I’m a PhD Student in Machine Learning at EPFL in the MLO group, where I am supervised by Prof. Martin Jaggi. I am (like everyone?) intrigued by the power of pretrained models and their applications, in particular through open science and open-source. In my current research, I am therefore exploring:

  • Methods for scaling open language models & scaling behaviour
  • Training, optimization and efficient algorithms for large (and small!) models
  • Adaptive computing and new architectures for deep learning

and more :)

Prior to my PhD, I completed my Master and Bachelor in Computer Science at ETH Zürich working with the LAS group and Prof. Andreas Krause. I also was a visiting Student Researcher at the Apple MLR team in Paris, hosted by Prof. Marco Cuturi.
During my studies, I had the chance to spend two semesters abroad: one at École Polytechnique in France, and one at the University of Toronto in Canada. Moreover, I was able to do an internship at Spacemaker AI, which is fun looking back at the interview I gave here.

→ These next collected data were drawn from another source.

Theorem lemma1p5 (R : realType) (V : completeNormedModType R)
  (ip : V -> V -> R) (r : R) (Z : set V) (Rc rho : R) :
  hilbert_ip ip -> 0 < r -> prox_regular r Z ->
  3 <= Rc -> 0 < rho -> rho < 2 * r / (1 + Rc ^+ 2) ->
  (forall x, Z x -> exists2 xb, Z xb &
      `|x - xb| < Rc * rho /\ cball xb (3 * rho) `<=` Z) ->
  forall x, bdry Z x ->
    exists xi : V, `|xi| = 1 /\
      (forall z, Z z -> 0 <= ip xi (x - z) + (2 * r)^-1 * `|x - z| ^+ 2).
Proof.
move=> ipH r0 Zprox Rc3 rho0 rho_lt balls x [clZx xNint].
have Zx : Z x by case: Zprox => Zclosed _ _; exact: Zclosed.
have [xb _ [xxb ballZ]] := balls x Zx.
have rho_lt' : rho * (1 + Rc ^+ 2) < 2 * r.
  by rewrite -ltr_pdivlMr // ltr_wpDr // sqr_ge0.
have [c c0 approx_neq0] :=
  approx_normals_neq0 ipH r0 Zprox Zx xNint Rc3 rho0 rho_lt' xxb ballZ.
pose A n := approx_normals ip r Z x (x - xb) c n.+1%:R^-1.
have [zeta zeta_A] : \bigcap_n A n !=set0.
  apply: (bigcap_nested_midconvex_neq0 ipH (A := A) (B := 1)) => [n|n k nk|n|n a []|n].
  - by apply: approx_neq0; rewrite invr_gt0.
  - exact/approx_normals_le/natSinv_le.
  - exact: approx_normals_midconvex.
  - by case.
  - exact: approx_normals_closed.
exact: (approx_normals_prox_normal ipH r0 Zprox Zx c0 (fun n => zeta_A n I)).
Qed.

For EPFL students: If you are interested in a project (check out our MLO project page for guidelines and directions), please feel free to reach out via mail. I’m very happy to supervise motivated students!

Feel free to get in touch via mail:
alexander.hagele [at] epfl [dot] ch

Publications


Full list also here or on Google Scholar.

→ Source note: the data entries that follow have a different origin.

(* Convexity of [expR]: [u `^ (1 - alpha) >= 1 + (alpha - 1) (1 - u)] at [u = i / (i + 1)]. *)
Lemma powR_decrement_ge alpha i : 1 < alpha -> (1 <= i)%N ->
  (alpha - 1) * i.+1%:R `^ (- alpha) <= i%:R `^ (1 - alpha) - i.+1%:R `^ (1 - alpha).
Proof.
move=> alpha_gt1 i_ge1; set x : R := i.+1%:R; set u := i%:R / x.
have x_gt0 : 0 < x by rewrite ltr0n.
have u_gt0 : 0 < u by rewrite divr_gt0 ?ltr0n.
have onemu : 1 - u = x^-1 by rewrite /u /x -natr1; field; rewrite natr1 pnatr_eq0.
have ln_u : ln u <= u - 1.
  by have := @le_ln1Dx R (u - 1); rewrite subrKC; apply; lra.
have u_pow : 1 + (alpha - 1) * x^-1 <= u `^ (1 - alpha).
  rewrite /powR gt_eqF //; apply: le_trans (expR_ge1Dx _); rewrite -onemu lerD2l.
  have : 0 <= (alpha - 1) * (u - 1 - ln u) by apply: mulr_ge0; lra.
  nra.
have -> : i%:R = u * x by rewrite /u divfK // gt_eqF.
have -> : x `^ (- alpha) = x `^ (1 - alpha) * x^-1.
  rewrite -powR_inv1 ?(ltW x_gt0) // -powRD; last by rewrite (gt_eqF x_gt0) implybT.
  by rewrite addrAC subrr add0r.
rewrite powRM ?(ltW u_gt0) ?(ltW x_gt0) // lerBrDr.
have -> : (alpha - 1) * (x `^ (1 - alpha) / x) + x `^ (1 - alpha)
          = (1 + (alpha - 1) * x^-1) * x `^ (1 - alpha) by ring.
by rewrite ler_wpM2r ?powR_ge0.
Qed.

Lemma sum_powR_tail_le alpha m n : 1 < alpha -> (1 <= m)%N ->
  \sum_(m <= i < n) i.+1%:R `^ (- alpha) <= m%:R `^ (1 - alpha) / (alpha - 1).
Proof.
move=> alpha_gt1 m_ge1; have alpha1_gt0 : 0 < alpha - 1 by lra.
rewrite ler_pdivlMr // mulr_suml.
have [nm | mn] := leqP n m; first by rewrite big_geq // powR_ge0.
apply: (le_trans (y := \sum_(m <= i < n) (i%:R `^ (1 - alpha) - i.+1%:R `^ (1 - alpha)))).
  apply: ler_sum_nat => i /andP[mi _]; rewrite mulrC.
  exact: powR_decrement_ge (leq_trans m_ge1 mi).
have := telescope_sumr (fun k => - (k%:R `^ (1 - alpha) : R)) (ltnW mn).
under eq_bigr do rewrite opprK addrC.
by move=> ->; rewrite opprK addrC lerBlDr lerDl powR_ge0.
Qed.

Scaling Laws and Compute-Optimal Training Beyond Fixed Training Durations.
Alexander Hägele, Elie Bakouch, Atli Kosson, Loubna Ben Allal, Leandro Von Werra and Martin Jaggi.
arXiv Preprint 2405.18392, 2024.
Spotlight presentation at the Workshop on Next Generation of Sequence Models (NGSM) at ICML’24.
Also poster at the Workshop on Efficient Systems for Foundation Models (ES-FOMO) at ICML’24.
[PDF | bibtex | Code]

BaCaDI: Bayesian Causal Discovery with Unknown Interventions.
Alexander Hägele, Jonas Rothfuss, Lars Lorch, Vignesh Ram Somnath, Bernhard Schölkopf and Andreas Krause.
Proceedings of the 26th International Conference on Artificial Intelligence and Statistics (AISTATS 2023).
Also presented at 1st Workshop on Causal Representation Learning at UAI 2022 (Link).
Oral presentation at AISTATS 2023 (notable paper award), ranked top 32 among 1689 submissions (top 1.9%).
[PDF | bibtex | Details | Code | Slides]

Robustness Certification with Generative Models.
Matthew Mirman, Alexander Hägele, Pavol Bielik, Timon Gehr and Martin Vechev.
Proceedings of the 42nd ACM SIGPLAN Conference on Programming Language Design and Implementation (PLDI 2021).
[PDF | bibtex | DOI]

News

  • May 2024: Our preprint for LR schedules and scaling laws is out!
  • April 2024: Had a lot of fun co-organizing a hackathon on LLM pretraining together with LauzHack and colleagues from MLO – congrats to all the winners! Links: Twitter, Linkedin
  • October 2023: Starting my PhD at EPFL :)
  • April 2023: I’ve presented BaCaDI as an oral presentation at AISTATS 2023 (notable paper award, 32 / 1689 submissions) in Valencia (link to the conference). Slides are available here.
  • April 2023: I’m in Paris working with the Apple MLR team for the next months – please reach out if you’re around!
  • January 2023: For a course project on data visualization, I created a blog post on Visualizing folktables, a benchmark dataset for fairness in ML. The goal of the post is to provide an overview and exploration of the dataset, hopefully being of value for researchers working with folktables.
  • January 2023: Our paper on BaCaDI: Bayesian Causal Discovery with Unknown Interventions was accepted to AISTATS 2023!
  • September 2022: I’m in Paris at École Polytechnique (well, Palaiseau) for the next few months for a semester abroad before the end of my Master. Please send me a message if you’re around and want to chat! :)
  • July 2022: Presenting our work on Bayesian Causal Discovery to the Causality Discussion Group.